WORK ITEM >>
Look below for the line containing "- d_n) converges" and the line containing "Definition assumption_A3 (F"; repeat exactly those two lines and all lines between them, and nothing else.

GIVEN RECORDS >>
■ ■ ■ ■ ■

(* Suppose $F$ satisfies Assumption A1, $F\in MDA(\Lambda)$, Assumption A3, and $x_F=\infty$. For a threshold $a$ set $\beta=\bar F(a)$, $\eta=f(a)$, $\nu=-f'(a)$. Fix $x$ with $1/2<x\le1$ and let $p=p(a)$ satisfy $1-p=x\beta$. Let $q=F^{-1}(p)$ be the true $p$-quantile and $q^*$ the optimal value of $$\sup_{q'\ge a,\,g}\ q'\ \text{ s.t. }(1-\beta)+\int_a^{q'}g=p,\ \int_a^\infty g=\beta,\ g(a)=g(a+)=\eta,\ g'_+(a)\ge-\nu,\ g\text{ convex and }\ge0\text{ on }[a,\infty).$$ Then $\lim_{a\to\infty}q^*/q=1$.
   Context: $X$ is a continuous random variable with distribution function $F$, density $f$, $\bar F=1-F$, right endpoint $x_F=\sup\{x:F(x)<1\}$. $\Lambda(x)=\exp\{-e^{-x}\}$. $F\in MDA(\Lambda)$ means there exist $c_n>0$, $d_n$ with $c_n^{-1}(M_n-d_n)$ converging in distribution to $\Lambda$, $M_n$ the maximum of $n$ i.i.d. copies of $X$. Assumption A1: there exists $z<x_F$ such that on $(z,x_F)$, $F$ is twice differentiable and $f$ is positive, decreasing and convex. Assumption A3: $\lim_{x\uparrow x_F}\bar F(x)f'(x)/f(x)^2=-1$. $g(a+)$ is the right limit and $g'_+$ the right derivative. *)

From Stdlib Require Import Reals.
From Coquelicot Require Import Coquelicot.
Open Scope R_scope.

Definition Lambda (x : R) : R := exp (- exp (- x)).

Definition is_continuous_cdf (F : R -> R) : Prop :=
  (forall x y, x <= y -> F x <= F y) /\
  (forall x, continuous F x) /\
  filterlim F (Rbar_locally m_infty) (locally 0) /\
  filterlim F (Rbar_locally p_infty) (locally 1).

Definition right_endpoint_infinite (F : R -> R) : Prop := forall x, F x < 1.

Definition assumption_A1 (F f fd : R -> R) : Prop :=
  exists z : R,
    (forall x, z < x -> is_derive F x (f x)) /\
    (forall x, z < x -> is_derive f x (fd x)) /\
    (forall x, z < x -> 0 < f x) /\
    (forall x y, z < x -> x <= y -> f y <= f x) /\
    (forall x y t, z < x -> z < y -> 0 <= t <= 1 ->
        f (t * x + (1 - t) * y) <= t * f x + (1 - t) * f y).

(* F in MDA(Lambda): c_n^{-1}(M_n - d_n) converges in distribution to Lambda,
   i.e. F(c_n x + d_n)^n -> Lambda(x) for every x (Lambda is continuous). *)
Definition in_MDA_Gumbel (F : R -> R) : Prop :=
  exists c d : nat -> R, (forall n, 0 < c n) /\
    forall x, is_lim_seq (fun n => (F (c n * x + d n)) ^ n) (Lambda x).

Definition assumption_A3 (F f fd : R -> R) : Prop :=
  is_lim (fun x => (1 - F x) * fd x / (f x ^ 2)) p_infty (-1).

Definition quantile (F : R -> R) (p : R) : R :=
  real (Glb_Rbar (fun y => p <= F y)).

Definition convex_on_from (g : R -> R) (a : R) : Prop :=
  forall u v t, a <= u -> a <= v -> 0 <= t <= 1 ->
    g (t * u + (1 - t) * v) <= t * g u + (1 - t) * g v.

Definition feasible (a beta eta nu p q' : R) : Prop :=
  a <= q' /\
  exists g : R -> R,
    is_RInt g a q' (p - (1 - beta)) /\
    is_RInt_gen g (at_point a) (Rbar_locally p_infty) beta /\
    g a = eta /\
    filterlim g (at_right a) (locally eta) /\
    (exists L : Rbar,
        filterlim (fun h => (g (a + h) - g a) / h) (at_right 0) (Rbar_locally L) /\
        Rbar_le (Finite (- nu)) L) /\
    convex_on_from g a /\
    (forall y, a <= y -> 0 <= g y).

(* optimal value q* (in the extended reals; sup of empty set is -oo) *)
Definition qstar (a beta eta nu p : R) : Rbar :=
  Lub_Rbar (feasible a beta eta nu p).

From Stdlib Require Import Reals Lra.
From Coquelicot Require Import Coquelicot.
Open Scope R_scope.

(* Write beta = Fbar(a), eta = f(a), nu = -f'(a) and u = beta/eta.  Any feasible
   g lies above its right tangent line eta - nu (t - a), so an interval [a, q']
   carrying mass (1 - x) beta has length at most 2 (1 - x) beta / eta <= u, as
   long as 2 (1 - x) beta nu < eta^2.  Conversely the true density f is feasible
   and reaches the level p within [a, a + u] by its own tangent bound.  Hence q*
   and q both lie in [a, a + u].  Assumption A3 says that beta nu / eta^2 -> 1
   (which makes the condition above hold when x > 1/2) and that the derivative
   of the Mills ratio u(a) tends to 0, so u = o(a) and q*/q -> 1. *)

Lemma continuity_pt_of_is_derive (g : R -> R) t l :
  is_derive g t l -> continuity_pt g t.
Proof.
  intros H. apply continuity_pt_filterlim.
  apply (@ex_derive_continuous R_AbsRing R_NormedModule). now exists l.
Qed.

Lemma MVT_interval (g g' : R -> R) u v : u <= v ->
  (forall t, u <= t <= v -> is_derive g t (g' t)) ->
  exists c, u <= c <= v /\ g v - g u = g' c * (v - u).
Proof.
  intros Huv Hd.
  destruct (MVT_gen g u v g') as [c [Hc Hm]]; rewrite Rmin_left, Rmax_right in * by lra.
  - intros t Ht. apply Hd. lra.
  - intros t Ht. apply continuity_pt_of_is_derive with (g' t). now apply Hd.
  - now exists c.
Qed.

Lemma is_derive_right_quotient (g : R -> R) a l : is_derive g a l ->
  filterlim (fun h => (g (a + h) - g a) / h) (at_right 0) (locally l).
Proof.
  intros H. apply is_derive_Reals in H.
  apply filterlim_locally. intros eps.
  destruct (H eps (cond_pos eps)) as [d Hd].
  exists d. intros y Hy Hy0.
  change (Rabs (y - 0) < d) in Hy. rewrite Rminus_0_r in Hy.
  apply Hd; lra.
Qed.

Lemma is_RInt_affine a eta nu c :
  is_RInt (fun t => eta - nu * (t - a)) a c (eta * (c - a) - nu * (c - a) ^ 2 / 2).
Proof.
  set (P := fun t => eta * (t - a) - nu * (t - a) ^ 2 / 2).
  replace (eta * (c - a) - nu * (c - a) ^ 2 / 2) with (minus (P c) (P a))
    by (unfold P, minus, plus, opp; simpl; field).
  apply (is_RInt_derive P).
  - intros y _. unfold P. auto_derive; auto. field.
  - intros y _. apply (@ex_derive_continuous R_AbsRing R_NormedModule). auto_derive; auto.
Qed.

Section ConvexFromPoint.

Variables (g : R -> R) (a : R).
Hypothesis g_convex : convex_on_from g a.

Lemma convex_slope_le h t : 0 < h -> h <= t - a ->
  (g (a + h) - g a) / h <= (g t - g a) / (t - a).
Proof.
  intros Hh Ht.
  set (l := h / (t - a)).
  assert (Hl : 0 <= l <= 1).
  { unfold l; split.
    - apply Rlt_le, Rdiv_lt_0_compat; lra.
    - apply Rmult_le_reg_r with (t - a); [lra|]. unfold Rdiv. rewrite Rmult_assoc, Rinv_l; lra. }
  assert (Hconv := g_convex t a l ltac:(lra) ltac:(lra) Hl).
  replace (l * t + (1 - l) * a) with (a + h) in Hconv by (unfold l; field; lra).
  apply Rmult_le_reg_r with h; [lra|].
  replace ((g (a + h) - g a) / h * h) with (g (a + h) - g a) by (field; lra).
  replace ((g t - g a) / (t - a) * h) with (l * (g t - g a)) by (unfold l; field; lra).
  lra.
Qed.

Lemma convex_right_slope_le L :
  filterlim (fun h => (g (a + h) - g a) / h) (at_right 0) (Rbar_locally L) ->
  forall t, a < t -> Rbar_le L ((g t - g a) / (t - a)).
Proof.
  intros Hlim t Ht.
  destruct (Rbar_le_lt_dec L ((g t - g a) / (t - a))) as [H|H]; [exact H|exfalso].
  destruct (Hlim _ (open_Rbar_gt' _ _ H)) as [eps Heps].
  set (h := Rmin (eps / 2) (t - a)).
  assert (Hh : 0 < h) by (apply Rmin_pos; [destruct eps; simpl; lra | lra]).
  assert (Hball : ball 0 eps h).
  { change (Rabs (h - 0) < eps). rewrite Rminus_0_r, Rabs_right by lra.
    assert (h <= eps / 2) by apply Rmin_l. destruct eps; simpl in *; lra. }
  specialize (Heps h Hball Hh). simpl in Heps.
  assert (Hslope := convex_slope_le h t Hh (Rmin_r _ _)). lra.
Qed.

■ ■ ■ ■ ■

SOLVED EXERCISE >>
(* F in MDA(Lambda): c_n^{-1}(M_n - d_n) converges in distribution to Lambda,
   i.e. F(c_n x + d_n)^n -> Lambda(x) for every x (Lambda is continuous). *)
Definition in_MDA_Gumbel (F : R -> R) : Prop :=
  exists c d : nat -> R, (forall n, 0 < c n) /\
    forall x, is_lim_seq (fun n => (F (c n * x + d n)) ^ n) (Lambda x).

Definition assumption_A3 (F f fd : R -> R) : Prop :=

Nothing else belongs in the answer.